Hut site, Gleann Fán, Co. Kerry
Co. Kerry |
Settlement Sites
On the southern slopes of Beennacouma, in the rough and rocky terrain of Gleann Fán, two small stone structures sit joined together as if for company.
They are easy to walk past without a second thought, their walls reduced to low foundations, but what remains is enough to read the shape of a life once lived at considerable altitude and in considerable exposure.

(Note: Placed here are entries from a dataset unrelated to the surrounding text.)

Definition zeta_half_leading (i : nat) (ks : list nat) : R :=
  list_sum (fun ps => (1/2) ^ snd ps * leading_term i (fst ps)) (compositions ks).

Fixpoint monomial (ks xs : list nat) : R :=
  match ks, xs with
  | k :: ks', x :: xs' => / INR (S x) ^ k * monomial ks' xs'
  | _, _ => 1
  end.

Lemma zeta_half_trunc_nil N : zeta_half_trunc N [] = 1.
Proof. unfold zeta_half_trunc. simpl. lra. Qed.

Lemma zeta_half_leading_nil i : zeta_half_leading i [] = 0.
Proof. unfold zeta_half_leading. simpl. lra. Qed.

Lemma zeta_half_trunc_leading N ks : ks <> [] ->
  zeta_half_trunc N ks = sum_lt (fun i => zeta_half_leading i ks) (pred N).
Proof.
  intros Hks. destruct ks as [|k ks]; [congruence|].
  unfold zeta_half_trunc, zeta_half_leading. rewrite <- list_sum_sum_lt.
  apply list_sum_ext_in. intros ps Hps.
  apply compositions_nonempty in Hps. destruct (fst ps) as [|q p']; [congruence|].
  simpl. apply sum_lt_scal.
Qed.

(* After the largest variable i + 1 (carrying k), the next entry of the index
   is either separated by a comma (a strictly smaller variable) or merged by
   a plus sign (the same variable, with weight 1/2). *)
Lemma zeta_half_leading_cons i k ks :
  zeta_half_leading i (k :: ks)
  = / INR (S i) ^ k * (zeta_half_trunc (S i) ks + 1/2 * zeta_half_leading i ks).
Proof.
  unfold zeta_half_leading at 1. simpl compositions. rewrite list_sum_flat_map.
  unfold zeta_half_trunc, zeta_half_leading.
  rewrite list_sum_scal, <- list_sum_plus, list_sum_scal.
  apply list_sum_ext_in. intros [p s] _. simpl.
  destruct p as [|q p']; simpl.
  - ring.
  - rewrite pow_add, Rinv_mult. ring.
Qed.

Lemma sum_step_weight i X M : (i < M)%nat ->
  sum_lt (fun j => step_weight i j * X j) M = sum_lt X i + 1/2 * X i.
Proof.
  intros HiM. induction M as [|M IH]; [lia|]. simpl.
  unfold step_weight at 2.
  destruct (Nat.eq_dec i M) as [->|Hne].
  - rewrite Nat.ltb_irrefl, Nat.eqb_refl.
    rewrite (sum_lt_ext _ X) by (intros j Hj; unfold step_weight;
      destruct (Nat.ltb_spec j M); [ring|lia]).
    ring.
  - destruct (Nat.ltb_spec M i); [lia|].
    destruct (Nat.eqb_spec M i); [lia|].
    rewrite IH by lia. ring.
Qed.

Lemma zeta_half_leading_tuple ks : forall k i M, (i < M)%nat ->
  zeta_half_leading i (k :: ks)
  = tuple_sum M (length ks)
      (fun xs => path_weight i xs * (/ INR (S i) ^ k * monomial ks xs)).
Proof.
  induction ks as [|r ks IH]; intros k i M HiM.
  - rewrite zeta_half_leading_cons, zeta_half_trunc_nil, zeta_half_leading_nil.
    simpl. ring.
  - rewrite zeta_half_leading_cons. simpl length. simpl tuple_sum.
    transitivity (sum_lt (fun j => step_weight i j
                    * (/ INR (S i) ^ k * zeta_half_leading j (r :: ks))) M).
    + rewrite sum_step_weight by exact HiM.
      rewrite zeta_half_trunc_leading by discriminate. simpl pred.
      rewrite <- !sum_lt_scal. ring.
    + apply sum_lt_ext; intros j Hj. rewrite (IH r j M Hj), !tuple_sum_scal.
      apply tuple_sum_ext; intros xs _. simpl. ring.
Qed.

Lemma zeta_half_trunc_tuple N ks :
  zeta_half_trunc N ks
  = tuple_sum (pred N) (length ks) (fun xs => chain_weight xs * monomial ks xs).
Proof.
  destruct ks as [|k ks].
  - rewrite zeta_half_trunc_nil. simpl. ring.
  - rewrite zeta_half_trunc_leading by discriminate. simpl length. simpl tuple_sum.
    apply sum_lt_ext; intros i Hi. rewrite (zeta_half_leading_tuple ks k i (pred N) Hi).
    apply tuple_sum_ext; intros xs _. reflexivity.
Qed.

Lemma monomial_nil_r ks : monomial ks [] = 1.
Proof. now destruct ks. Qed.

Lemma monomial_split k : forall ks xs,
  monomial ks xs = monomial (firstn k ks) (firstn k xs) * monomial (skipn k ks) (skipn k xs).
Proof.
  induction k as [|k IH]; intros ks xs.
  - simpl. ring.
  - destruct ks as [|a ks], xs as [|x xs]; simpl; rewrite ?monomial_nil_r; try ring.
    rewrite (IH ks xs). ring.
Qed.

Lemma monomial_app ks : forall xs ks' xs', length ks = length xs ->
  monomial (ks ++ ks') (xs ++ xs') = monomial ks xs * monomial ks' xs'.
Proof.
  induction ks as [|k ks IH]; intros [|x xs] ks' xs' H; simpl in *; try lia.
  - ring.
  - rewrite IH by lia. ring.
Qed.

Lemma monomial_rev ks : forall xs, length ks = length xs ->
  monomial (rev ks) (rev xs) = monomial ks xs.
Proof.
  induction ks as [|k ks IH]; intros [|x xs] H; simpl in *; try lia.
  - reflexivity.
  - rewrite monomial_app by (rewrite !length_rev; lia). rewrite IH by lia.
    simpl. ring.
Qed.

Lemma truncated_identity N L : L <> [] ->
  sum_f_R0 (fun k => (-1) ^ k * zeta_half_trunc N (firstn k L)
                     * zeta_half_trunc N (rev (skipn k L))) (length L) = 0.
Proof.
  intros HL. set (M := pred N). set (n := length L).
  transitivity (sum_f_R0 (fun k => tuple_sum M n (fun z =>
     (-1) ^ k * (chain_weight (firstn k z) * chain_weight (rev (skipn k z)))
     * monomial L z)) n).
  - apply sum_eq; intros k Hk.
    rewrite !zeta_half_trunc_tuple. fold M.
    rewrite length_firstn, length_rev, length_skipn, Nat.min_l by lia. fold n.
    rewrite (tuple_sum_rev M (n - k)), Rmult_assoc, tuple_sum_mult, tuple_sum_scal.
    replace (k + (n - k))%nat with n by lia.
    apply tuple_sum_ext; intros z Hz.
    rewrite (monomial_split k L z),
      (monomial_rev (skipn k L) (skipn k z)) by (rewrite !length_skipn; lia).
    ring.
  - rewrite tuple_sum_sum_f, <- (tuple_sum_zero M n).
    apply tuple_sum_ext; intros z Hz.
    assert (Hz0 : z <> []) by (intros ->; unfold n in Hz; destruct L; simpl in *; congruence).
    pose proof (alternating_chain_sum_zero z Hz0) as Hzero.
    unfold alternating_chain_sum in Hzero. rewrite Hz in Hzero.
    rewrite (sum_eq _ (fun k => (-1) ^ k * chain_weight (firstn k z)
                                 * chain_weight (rev (skipn k z)) * monomial L z))
      by (intros; ring).
    rewrite <- scal_sum, Hzero. ring.
Qed.

(** * Convergence of admissible multiple zeta values *)

Lemma inv_pow_pos i k : 0 < / INR (S i) ^ k.
Proof. apply Rinv_0_lt_compat, pow_lt, lt_0_INR; lia. Qed.

Lemma mzv_trunc_nonneg p : forall N, 0 <= mzv_trunc N p.
Proof.
  induction p as [|k p IH]; intros N; simpl; [lra|].
  apply sum_lt_nonneg; intros i _.
  apply Rmult_le_pos; [left; apply inv_pow_pos | apply IH].
Qed.

Lemma inv_pow_le_sq i k : (2 <= k)%nat -> / INR (S i) ^ k <= / INR (S i) ^ 2.
Proof.
  intros Hk. apply Rinv_le_contravar.
  - apply pow_lt, lt_0_INR; lia.
  - apply Rle_pow; [|lia]. rewrite S_INR. pose proof (pos_INR i). lra.
Qed.

(* 1/(x+1)^2 <= 1/x - 1/(x+1): the telescoping bound behind zeta(2) <= 2. *)
Lemma inv_sq_telescoping x : 1 <= x -> / (x + 1) ^ 2 + / (x + 1) <= / x.
Proof.
  intros Hx.
  assert (E : / x - (/ (x + 1) ^ 2 + / (x + 1)) = / (x * (x + 1) ^ 2)) by (field; lra).
  assert (0 < / (x * (x + 1) ^ 2)).
  { apply Rinv_0_lt_compat, Rmult_lt_0_compat; [lra | apply pow_lt; lra]. }
  lra.
Qed.

Lemma INR_S_ge1 n : 1 <= INR (S n).
Proof. rewrite S_INR. pose proof (pos_INR n). lra. Qed.

(* zeta_N(k) <= 2 - 1/N for k >= 2, whence zeta_N(k) <= 2. *)
Lemma depth_one_bound k m : (2 <= k)%nat ->
  sum_lt (fun i => / INR (S i) ^ k * 1) m <= 2.
Proof.
  intros Hk.
  assert (H : forall p, sum_lt (fun i => / INR (S i) ^ k * 1) (S p) <= 2 - / INR (S p)).
  { intros p; induction p as [|p IH].
    - cbn [sum_lt]. change (INR 1) with 1. rewrite pow1, Rinv_1. lra.
    - change (sum_lt (fun i => / INR (S i) ^ k * 1) (S (S p)))
        with (sum_lt (fun i => / INR (S i) ^ k * 1) (S p) + / INR (S (S p)) ^ k * 1).
      pose proof (inv_pow_le_sq (S p) k Hk).
      pose proof (inv_sq_telescoping (INR (S p)) (INR_S_ge1 p)).
      rewrite (S_INR (S p)) in *. lra. }
  destruct m as [|m]; [simpl; lra|].
  specialize (H m). pose proof (Rinv_0_lt_compat _ (lt_0_INR (S m) ltac:(lia))). lra.
Qed.

(* This is the inequality zeta_N(k, k', ...) <= zeta_N(k' + 1, ...). *)
Lemma weighted_partial_sum_bound (a : nat -> R) k n :
  (2 <= k)%nat -> (forall i, 0 <= a i) ->
  sum_lt (fun i => / INR (S i) ^ k * sum_lt a i) n <= sum_lt (fun i => / INR (S i) * a i) n.
Proof.
  intros Hk Ha.
  assert (HT : forall p, 0 <= sum_lt a p) by (intros; apply sum_lt_nonneg; auto).
  (* strengthened invariant, carrying the telescoping remainder T_n / n *)
  assert (Hinv : forall p,
    sum_lt (fun i => / INR (S i) ^ k * sum_lt a i) (S p) + sum_lt a (S p) * / INR (S p)
    <= sum_lt (fun i => / INR (S i) * a i) (S p)).
  { intros p; induction p as [|m IH].
    - cbn [sum_lt]. change (INR 1) with 1. rewrite Rinv_1. lra.
    - change (sum_lt ?f (S (S m))) with (sum_lt f (S m) + f (S m)) in *.
      cbv beta in *.
      set (x := INR (S m)) in *. set (T := sum_lt a (S m)) in *.
      assert (Hx : INR (S (S m)) = x + 1) by apply S_INR. rewrite Hx.
      pose proof (inv_pow_le_sq (S m) k Hk) as Hb. rewrite Hx in Hb.
      pose proof (inv_sq_telescoping x (INR_S_ge1 m)).
      assert (T * (/ (x + 1) ^ k + / (x + 1)) <= T * / x)
        by (apply Rmult_le_compat_l; [apply HT | lra]).
      lra. }
  destruct n as [|n]; [simpl; lra|].
  specialize (Hinv n). pose proof (HT (S n)).
  pose proof (Rinv_0_lt_compat _ (lt_0_INR (S n) ltac:(lia))).
  assert (0 <= sum_lt a (S n) * / INR (S n)) by (apply Rmult_le_pos; lra).
  lra.
Qed.

Lemma depth_reduction_bound k k' rest N : (2 <= k)%nat ->
  mzv_trunc N (k :: k' :: rest) <= mzv_trunc N (S k' :: rest).
Proof.
  intros Hk. simpl mzv_trunc.
  set (a := fun i => / INR (S i) ^ k' * mzv_trunc (S i) rest).
  rewrite (sum_lt_ext (fun i => / INR (S i) ^ S k' * _) (fun i => / INR (S i) * a i))
    by (intros; unfold a; simpl; rewrite Rinv_mult; ring).
  apply (weighted_partial_sum_bound a k (pred N) Hk).
  intros i. apply Rmult_le_pos; [left; apply inv_pow_pos | apply mzv_trunc_nonneg].
Qed.

Lemma mzv_trunc_bound rest : forall k N, (2 <= k)%nat ->
  Forall (fun x => 1 <= x)%nat rest -> mzv_trunc N (k :: rest) <= 2.
Proof.
  induction rest as [|k' rest IH]; intros k N Hk Hrest.
  - apply depth_one_bound, Hk.
  - inversion Hrest; subst.
    eapply Rle_trans; [apply depth_reduction_bound, Hk|].
    apply IH; [lia | assumption].
Qed.

Lemma mzv_trunc_growing p : Un_growing (fun N => mzv_trunc N p).
Proof.
  intros N. destruct p as [|k p]; [simpl; lra|].
  cbn [mzv_trunc]. destruct N as [|N]; cbn [pred sum_lt]; [lra|].
  pose proof (inv_pow_pos N k). pose proof (mzv_trunc_nonneg p (S N)).
  assert (0 <= / INR (S N) ^ k * mzv_trunc (S N) p) by (apply Rmult_le_pos; lra).
  lra.
Qed.

Lemma seq_lim_spec u l : Un_cv u l -> seq_lim u = l.
Proof.
  intros H. unfold seq_lim.
  destruct (excluded_middle_informative (exists l, Un_cv u l)) as [Hex|Hnex].
  - destruct (constructive_indefinite_description _ Hex) as [l' Hl']. simpl.
    eapply UL_sequence; eassumption.
  - exfalso. apply Hnex. exists l. exact H.
Qed.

The site consists of a pair of conjoined drystone huts, built without mortar in the manner common across early Irish settlement landscapes, where split and gathered stone was laid carefully against itself to form walls that relied on weight and fit rather than binding. The two chambers differ slightly in size, one measuring roughly 2.7 by 2 metres and the other approximately 3 metres across, with surviving wall heights of 1.25 metres and 0.5 metres respectively. The pairing of the structures is what makes the site quietly interesting. Two rooms, adjoined, suggest something more considered than a simple seasonal shelter, though whether this was a habitation, a working station, or something else entirely, the stones do not say. The site was recorded as part of J. Cuppage's archaeological survey of the Corca Dhuibhne region, published in 1986, a systematic effort to document the extraordinary density of prehistoric and early historic remains across the Dingle Peninsula.